Um dos problemas da cultura ocidental moderna é a tendência a priorizar sentimentos e emoções em lugar da verdade e da razão. A Igreja também foi contaminada por isso: muitas vezes, prefere-se evitar que uma pessoa se sinta ofendida a ensinar de forma inequívoca a doutrina e as verdades da fé.
Em seu mais novo livro, Christus Vincit, Dom Athanasius Schneider diz o seguinte:
A atual crise na Igreja tem como causa o descaso com a verdade e, especificamente, uma inversão na ordem da verdade e do amor. Atualmente, tem-se propagado na Igreja um novo princípio de vida pastoral que diz: amor e misericórdia são os critérios supremos, e a verdade deve se subordinar a eles. De acordo com essa nova teoria, se houver um conflito entre amor e verdade, a verdade deve ser sacrificada. Trata-se de uma inversão e uma perversão, no sentido literal da palavra.
Trata-se de um argumento importante sobre a ordem da verdade e do amor. Como nos recorda o bispo, a verdade precede o amor, e serve também como fundamento para o amor perfeito e verdadeiro.
Dom Athanasius mostra que esse insight está enraizado não apenas na natureza das coisas, mas na ação de Deus, que primeiro envia sua verdade na Lei por meio dos profetas e, de modo perfeito, por seu Filho, o Verbo feito carne. Então, após nos transmitir a verdade, Ele envia o Espírito Santo, a Pessoa da Santíssima Trindade associada ao amor. “O amor de Deus foi derramado em nossos corações pelo Espírito Santo que nos foi dado” (Rm 5, 5). Portanto, a verdade precede o amor e molda suas bênçãos e exigências.
A precedência da verdade é importante por outra razão: hoje, muitas vezes, o amor é reduzido à afabilidade, que é um aspecto do amor, assim como a correção e a repreensão. Em nossa cultura, se não aprovarmos cordialmente qualquer coisa que outros querem fazer, corremos o risco de ser chamados de odiosos. Muitas vezes o amor é igualado à aprovação, à “camaradagem”.
Segundo essa atitude que contaminou a Igreja, frustrar as pessoas, magoá-las ou fazer com que se sintam “excluídas” é praticamente a pior coisa que podemos fazer. Não importa o fato de o Jesus bíblico frustrar mais do que um punhado de pessoas; Ele “excluiu” aqueles que “não podiam ser seus discípulos” porque não carregariam sua cruz e não o amariam acima de todas as coisas. Na Igreja de hoje, temos de pisar em ovos para não ofender os outros, e falamos incessantemente sobre ser uma “comunidade acolhedora”. Para conseguir, muitos membros do clero e líderes de todas as posições na Igreja parecem dispostos a deformar a veracidade de nossa doutrina por meio do ensino seletivo, do silêncio, ou mesmo de uma completa deturpação do que ensinam o Senhor e as Escrituras. Muitas vezes, a misericórdia é ensinada sem qualquer referência ao arrependimento, que, no entanto, é a própria chave que abre a porta para a misericórdia! O Senhor vincula o chamado ao arrependimento à boa-nova da salvação (cf. Mc 1, 5).
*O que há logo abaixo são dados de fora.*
Lemma mu_descendants j L u :
  rsum (fun i => mu (j + L) (u * ndesc j L + i)%nat) (ndesc j L) = mu j u.
Proof.
  induction L; simpl.
  - rewrite Nat.add_0_r, Nat.mul_1_r, Nat.add_0_r. lra.
  - rewrite rsum_blocks, <- IHL. apply rsum_ext; intros p Hp.
    rewrite Nat.add_succ_r, <- mu_children. apply rsum_ext; intros i Hi. f_equal. ring.
Qed.

Lemma mass_total L : rsum (mu L) (ncells L) = 1.
Proof.
  pose proof (mu_descendants 0 L 0) as H. pose proof (ncells_ndesc 0 L) as H0.
  simpl in H, H0. rewrite H0, Nat.add_0_r.
  rewrite <- (ind_T (0 = 0)%nat) by auto. rewrite <- H. apply rsum_ext; intros. f_equal.
Qed.

Variable L0 : R.
Hypothesis L0_pos : 0 < L0.

Definition cell_len j := L0 / INR (ncells j).
Definition cell j a x := INR a * cell_len j <= x <= (INR a + 1) * cell_len j.
Definition Klevel L x := exists a, survives L a /\ cell L a x.
Definition limit_set x := forall L, Klevel L x.

Lemma cell_len_pos j : 0 < cell_len j.
Proof. apply Rdiv_lt_0_compat; auto. apply ncells_pos. Qed.

Lemma cell_len_anti i j : (i <= j)%nat -> cell_len j <= cell_len i.
Proof.
  intros H. unfold cell_len. apply Rmult_le_compat_l; [lra|].
  apply Rinv_le_contravar; [apply ncells_pos|].
  induction H; [lra|]. simpl. rewrite mult_INR.
  pose proof (INR_branch m). pose proof (ncells_pos m). nra.
Qed.

Lemma cell_len_small j : 4 ^ j * cell_len j <= L0.
Proof.
  assert (H4 : 4 ^ j <= INR (ncells j)).
  { induction j; simpl; [lra|]. rewrite mult_INR.
    pose proof (INR_branch j). pose proof (pow_le 4 j ltac:(lra)). nra. }
  unfold cell_len. pose proof (ncells_pos j).
  apply Rmult_le_reg_r with (INR (ncells j)); [lra|].
  replace (4 ^ j * (L0 / INR (ncells j)) * INR (ncells j)) with (4 ^ j * L0) by (field; lra).
  nra.
Qed.

Lemma cell_sub j L u i x : (i < ndesc j L)%nat ->
  cell (j + L) (u * ndesc j L + i)%nat x -> cell j u x.
Proof.
  intros Hi. unfold cell, cell_len. rewrite ncells_ndesc, !mult_INR, plus_INR, mult_INR.
  assert (HD : 0 < INR (ndesc j L)) by (apply lt_0_INR, ndesc_pos).
  assert (HQ := ncells_pos j).
  assert (Hi' : INR i + 1 <= INR (ndesc j L)) by (rewrite <- S_INR; apply le_INR; lia).
  pose proof (pos_INR i). pose proof (pos_INR u).
  set (D := INR (ndesc j L)) in *. set (Q := INR (ncells j)) in *.
  assert (Hq : 0 < L0 / (Q * D)) by (apply Rdiv_lt_0_compat; nra).
  intros [H1 H2]. split.
  - eapply Rle_trans; [|apply H1].
    replace ((INR u * D + INR i) * (L0 / (Q * D)))
      with (INR u * (L0 / Q) + INR i * (L0 / (Q * D))) by (field; lra).
    assert (0 <= INR i * (L0 / (Q * D))) by (apply Rmult_le_pos; lra). lra.
  - eapply Rle_trans; [apply H2|].
    replace ((INR u * D + INR i + 1) * (L0 / (Q * D)))
      with (INR u * (L0 / Q) + (INR i + 1) / D * (L0 / Q)) by (field; lra).
    replace ((INR u + 1) * (L0 / Q)) with (INR u * (L0 / Q) + 1 * (L0 / Q)) by ring.
    apply Rplus_le_compat_l. apply Rmult_le_compat_r; [left; apply Rdiv_lt_0_compat; lra|].
    apply Rmult_le_reg_r with D; auto. unfold Rdiv. rewrite Rmult_assoc, Rinv_l by lra. lra.
Qed.

Lemma Klevel_mono L L' x : (L <= L')%nat -> Klevel L' x -> Klevel L x.
Proof.
  intros H. induction H as [|L' H IH]; auto.
  intros [a [[HT _] Hc]]. apply IH. exists (a / branch (S L'))%nat. split; auto.
  apply (cell_sub L' 1 _ (a mod branch (S L'))%nat).
  - simpl ndesc. rewrite !Nat.add_0_r. apply Nat.mod_upper_bound. pose proof (branch_pos L'). lia.
  - simpl ndesc. rewrite !Nat.add_0_r, Nat.mul_comm, <- Nat.div_mod_eq, Nat.add_1_r. auto.
Qed.

Lemma Klevel_bound L x : Klevel L x -> 0 <= x <= L0.
Proof.
  intros H. apply (Klevel_mono 0 L) in H; [|lia]. destruct H as [a [Ha Hc]]. simpl in Ha. subst.
  unfold cell, cell_len in Hc. simpl in Hc. lra.
Qed.

Lemma finite_intervals_closed (P : nat -> Prop) (lo hi : nat -> R) N x :
  ~ (exists a, (a < N)%nat /\ P a /\ lo a <= x <= hi a) ->
  exists e, 0 < e /\ forall y, Rabs (y - x) < e ->
    ~ (exists a, (a < N)%nat /\ P a /\ lo a <= y <= hi a).
Proof.
  induction N; intros H.
  - exists 1. split; [lra|]. intros y _ [a [Ha _]]. lia.
  - destruct IHN as [e1 [He1 H1]].
    { intros [a [Ha Hb]]. apply H. exists a. split; auto. }
    destruct (classic (P N)) as [HP|HP].
    + assert (Hx : x < lo N \/ hi N < x).
      { destruct (Rlt_dec x (lo N)); auto. destruct (Rlt_dec (hi N) x); auto.
        exfalso; apply H. exists N. repeat split; auto; lra. }
      set (e2 := Rmax (lo N - x) (x - hi N)).
      assert (He2 : 0 < e2) by (unfold e2, Rmax; destruct (Rle_dec (lo N - x) (x - hi N)); lra).
      exists (Rmin e1 e2). split; [unfold Rmin; destruct (Rle_dec e1 e2); lra|].
      intros y Hy [a [Ha [Pa Ca]]].
      assert (Y1 : Rabs (y - x) < e1) by (eapply Rlt_le_trans; [apply Hy|apply Rmin_l]).
      assert (Y2 : Rabs (y - x) < e2) by (eapply Rlt_le_trans; [apply Hy|apply Rmin_r]).
      destruct (Nat.eq_dec a N).
      * subst. apply Rabs_def2 in Y2. revert Y2. unfold e2, Rmax.
        destruct (Rle_dec (lo N - x) (x - hi N)); intros; lra.
      * apply (H1 y Y1). exists a. split; auto. lia.
    + exists e1. split; auto. intros y Hy [a [Ha [Pa Ca]]].
      destruct (Nat.eq_dec a N); [subst; tauto|].
      apply (H1 y Hy). exists a. split; auto. lia.
Qed.

Lemma Klevel_compl_open L x :
  ~ Klevel L x -> exists e, 0 < e /\ forall y, Rabs (y - x) < e -> ~ Klevel L y.
Proof.
  intros H.
  destruct (finite_intervals_closed (survives L) (fun a => INR a * cell_len L)
              (fun a => (INR a + 1) * cell_len L) (ncells L) x) as [e [He He']].
  { intros [a [_ [Pa Ca]]]. apply H. exists a. split; auto. }
  exists e. split; auto. intros y Hy [a [Ta Ca]]. apply (He' y Hy).
  exists a. split; [apply survives_lt|]; auto.
Qed.

Lemma list_bound (g : nat -> R) (Hg : forall a b, g a = g b -> a = b) (l : list R) :
  exists N, forall n, In (g n) l -> (n <= N)%nat.
Proof.
  induction l as [|y l [N HN]].
  - exists 0%nat. intros n [].
  - destruct (classic (exists m, g m = y)) as [[m Hm]|Hm].
    + exists (Nat.max N m). intros n [H|H].
      * subst. apply Hg in H. subst. lia.
      * apply HN in H. lia.
    + exists N. intros n [H|H]; [exfalso; apply Hm; eauto|auto].
Qed.

(* Compactness (Heine-Borel on [0, L0]): an open cover of the limit set
   already covers, through finitely many members, every level from some on. *)
Lemma limit_set_compact (V : nat -> R -> Prop) : (forall n, open_set (V n)) ->
  (forall x, limit_set x -> exists n, V n x) ->
  exists N L1, forall L x, (L1 <= L)%nat -> Klevel L x -> exists n, (n <= N)%nat /\ V n x.
Proof.
  intros Hop Hcov.
  set (F := mkfamily (fun _ => True)
        (fun y x => (exists n, y = INR n /\ V n x) \/
                    (exists L, y = - INR L - 1 /\ ~ Klevel L x))
        (fun _ _ => I)).
  assert (HF : covering_open_set (fun c => 0 <= c <= L0) F).
  { split.
    - intros x Hx. destruct (classic (limit_set x)) as [H|H].
      + destruct (Hcov x H) as [n Hn]. exists (INR n). simpl. left. eauto.
      + apply not_all_ex_not in H. destruct H as [L HL].
        exists (- INR L - 1). simpl. right. eauto.
    - intros y x Hx. simpl in Hx. destruct Hx as [[n [Hy Hn]]|[L [Hy HL]]].
      + destruct (Hop n x Hn) as [d Hd]. exists d. intros z Hz. simpl. left. eauto.
      + destruct (Klevel_compl_open L x HL) as [e [He He']].
        exists (mkposreal e He). intros z Hz. simpl. right. exists L. split; auto. }
  destruct (compact_P3 0 L0 F HF) as [D [Hc [l Hl]]].
  destruct (list_bound INR INR_eq l) as [N HN].
  destruct (list_bound (fun L => - INR L - 1) ltac:(intros a b Hab; apply INR_eq; lra) l)
    as [L1 HL1].
  exists N, L1. intros L x HL Hx.
  destruct (Hc x (Klevel_bound L x Hx)) as [y [Fy Dy]].
  assert (Iy : In y l) by (apply Hl; split; simpl; auto).
  simpl in Fy. destruct Fy as [[n [Hy Hn]]|[L' [Hy HL']]].
  - exists n. split; auto. subst. apply HN; auto.
  - subst. apply HL1 in Iy. exfalso. apply HL'. apply (Klevel_mono L' L); auto. lia.
Qed.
Naturalmente, nosso objetivo não é ofender, mas o Evangelho possui uma estranha capacidade de afligir os acomodados e confortar os aflitos, e cada um de nós é um pouco das duas coisas. Não podemos nos esquecer de que servimos um Senhor que foi morto pelo que disse, embora ninguém tenha amado seus inimigos mais do que Ele.
Precisamos mobilizar o clero, os pais e todos os líderes na Igreja para ficarem atentos ao problema descrito com tanta precisão por Dom Athanasius Schneider. Não podemos ignorar a ordem correta: a verdade precede o amor e é fundamento dele. As coisas na Igreja muitas vezes estão desordenadas, pois, quando invertemos a ordem, as coisas se tornam — por definição — desordenadas.
Todos nós temos de ser mais corajosos ao falar a verdade. Quando faço uma pregação sobre um assunto difícil ou controverso, muitas vezes preparo meus ouvintes dizendo: “Amo-vos demasiado para mentir para vós”. Em seguida, digo a verdade sobre os ensinamentos de Deus, mesmo que estejam “fora de moda”. Faço isso não apenas para prepará-los, mas para ilustrar que a verdade do Evangelho precede e molda meu amor por eles. Não posso simplesmente dizer que os amo sem considerar a veracidade do Evangelho. Mentir ou silenciar enquanto o lobo do engano os devora não é amor; é ódio, ou até pior, indiferença. Privar as pessoas da verdade que pode libertá-las não é uma atitude amorosa nem misericordiosa.
O amor e a misericórdia são belos, mas devem ser precedidos pela verdade. Sou grato a Dom Athanasius por nos lembrar disso.